The meta tag <meta name=”robots”> is written in the <head> part of the page. It performs the same functions as robots.txt file – provides the ability to control the indexing of content and links to pages through the corresponding values for the content attribute:
- follow/nofollow – consider or ignore links;
- index/noindex – index or not index the page content (often text);
- all/none – abbreviation corresponding to the entries "follow, index"/"nofollow, noindex";
- noarchive – prohibit page archiving. Using this value prevents the page from being accessed from the search engine archive.
Unlike the robots.txt file, the meta tag of the same name has somewhat limited functionality. It operates exclusively within the page. In a separate file, you can disable indexing of entire directories. In other respects, these methods are equivalent. Search engines recommend using the robots meta tag when the webmaster does not have access to the root folder of the resource.
When conflicting commands are identified, priority is given to the stricter one. For example, if the file contains index and the meta tag contains none, the search robot will index the text.
Main Use Cases
All combinations are used in website setup. They allow for clearer weight management while providing additional protection against overlap filters for non-unique content.
Using "content = follow, index" or "content = all"
Allowing indexing of links and text is set by default. Therefore, in most cases, it makes no sense to include this code in the meta tag. Exception - the page is located in a directory that is subject to a complete ban on indexing through robots.txt. But this approach can complicate working with the resource due to non-obvious code behavior. It's better to ignore them.
Using "content = nofollow, index"
Indexing content without clicking or taking into account the link mass on the page is used quite often. This allows:
- avoid weight leakage to other resources or pages;
- manage PR more clearly;
- create pages with a lot of links. For example, lists of useful links for users. Banning indexing will show the search robot that this is not spam or over-optimization.
A meta tag with similar content should not be used when exchanging links with another resource. This is, at a minimum, unethical and can cause a breakdown in cooperation.
Using "content = follow, noindex"
This tag content option is suitable for announcements, 2nd and subsequent pagination pages, previews, as well as other elements that duplicate the main content.

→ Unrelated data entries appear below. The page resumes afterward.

(* Let $H$ be a set of $n$ objects with an associated decomposition scheme of combinatorial dimension $b$ that complies with the Clarkson–Shor framework. Assume its local growth function satisfies $u(m)\le 2^\alpha m^\beta$ for all $m$, for some real $\alpha$ and some $\beta\ge 1$. Let $R$ be a $\rho$-sample from $H$ with $\rho\ge 4b$, and let $\ell>1$. Let $\mathcal{CD}_{\ge \ell}(R)$ denote the set of $\ell$-heavy cells of $\mathcal{CD}(R)$. Then $$\mathbb{E}\bigl[\,|\mathcal{CD}_{\ge\ell}(R)|\,\bigr]\ \le\ 3^b\,2^{\alpha-\beta}\rho^\beta e^{-\ell/2}.$$
   Context: Clarkson–Shor framework. $H$ is a finite set of objects embedded in some space $E$. Every subset $I\subseteq H$ determines a set $\mathcal{CD}(I)$ of cells, which are subsets of $E$. Combinatorial dimension: there is an integer $b>0$ such that for every $I\subseteq H$ and every $\sigma\in\mathcal{CD}(I)$ there is $J\subseteq I$ with $|J|\le b$ and $\sigma\in\mathcal{CD}(J)$. A smallest such $J$ is a defining set $D(\sigma)$ of $\sigma$; it need not be unique, and any choice may be used. The least such $b$ is the combinatorial dimension. Conflict list: an object $f\in H$ conflicts with $\sigma$ if $\sigma\notin\mathcal{CD}(D(\sigma)\cup\{f\})$. The conflict list $K(\sigma)$ is the set of objects of $H$ that conflict with $\sigma$; always $D(\sigma)\cap K(\sigma)=\emptyset$. Compliance with the framework means both axioms hold: (i) for every $R\subseteq H$ and every $\sigma\in\mathcal{CD}(R)$, some defining set $D(\sigma)$ satisfies $D(\sigma)\subseteq R$, and $K(\sigma)\cap R=\emptyset$; (ii) for every $R\subseteq H$, if $D(\sigma)\subseteq R$ for some defining set of $\sigma$ and $K(\sigma)\cap R=\emptyset$, then $\sigma\in\mathcal{CD}(R)$. Local growth function: $u(m)=\max_{I\subseteq H,\,|I|=m}|\mathcal{CD}(I)|$. A $\rho$-sample is the set of elements obtained by $\rho$ independent uniform draws from $H$, with repetition. For a fixed $\rho$, a cell $\sigma$ is $\ell$-heavy if $|K(\sigma)|\ge \ell n/\rho$, where $n=|H|$. *)

From Stdlib Require Import Reals.
From mathcomp Require Import all_boot.

Set Implicit Arguments.
Unset Strict Implicit.
Unset Printing Implicit Defensive.

Local Open Scope R_scope.

(* H : finite type of objects; C : type of (all possible) cells;
   CD I : the set of cells determined by I ⊆ H. *)

Definition is_defining_set (H C : finType) (CD : {set H} -> {set C})
    (s : C) (J : {set H}) : Prop :=
  s \in CD J /\ (forall J' : {set H}, s \in CD J' -> (#|J| <= #|J'|)%N).

Definition dim_bound (H C : finType) (CD : {set H} -> {set C}) (b : nat) : Prop :=
  forall (I : {set H}) (s : C), s \in CD I ->
    exists J : {set H}, [/\ J \subset I, (#|J| <= b)%N & s \in CD J].

Definition comb_dim (H C : finType) (CD : {set H} -> {set C}) (b : nat) : Prop :=
  [/\ (0 < b)%N, dim_bound CD b &
      forall b', (0 < b')%N -> dim_bound CD b' -> (b <= b')%N].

Link juice will be transferred. The search robot will follow the links to index their content.
This tag option is suitable when non-unique content is placed on the page. For example, regulations and legislative acts, as well as other common documents where changes are not recommended.
Using "content = nofollow, noindex" or "content = none"
The ban on indexing texts and links is important to use for posting confidential information that should not be accessible through search queries. But such measures do not always work. This is especially true for the Google search engine. It is important to remember that the meta tag for it is advisory in nature.
There is no such problem in Yandex search. To limit the indexing of a page by a search robot, you should use a password or other identification that requires manual entry. Therefore, some pages that are prohibited from indexing may end up in search results.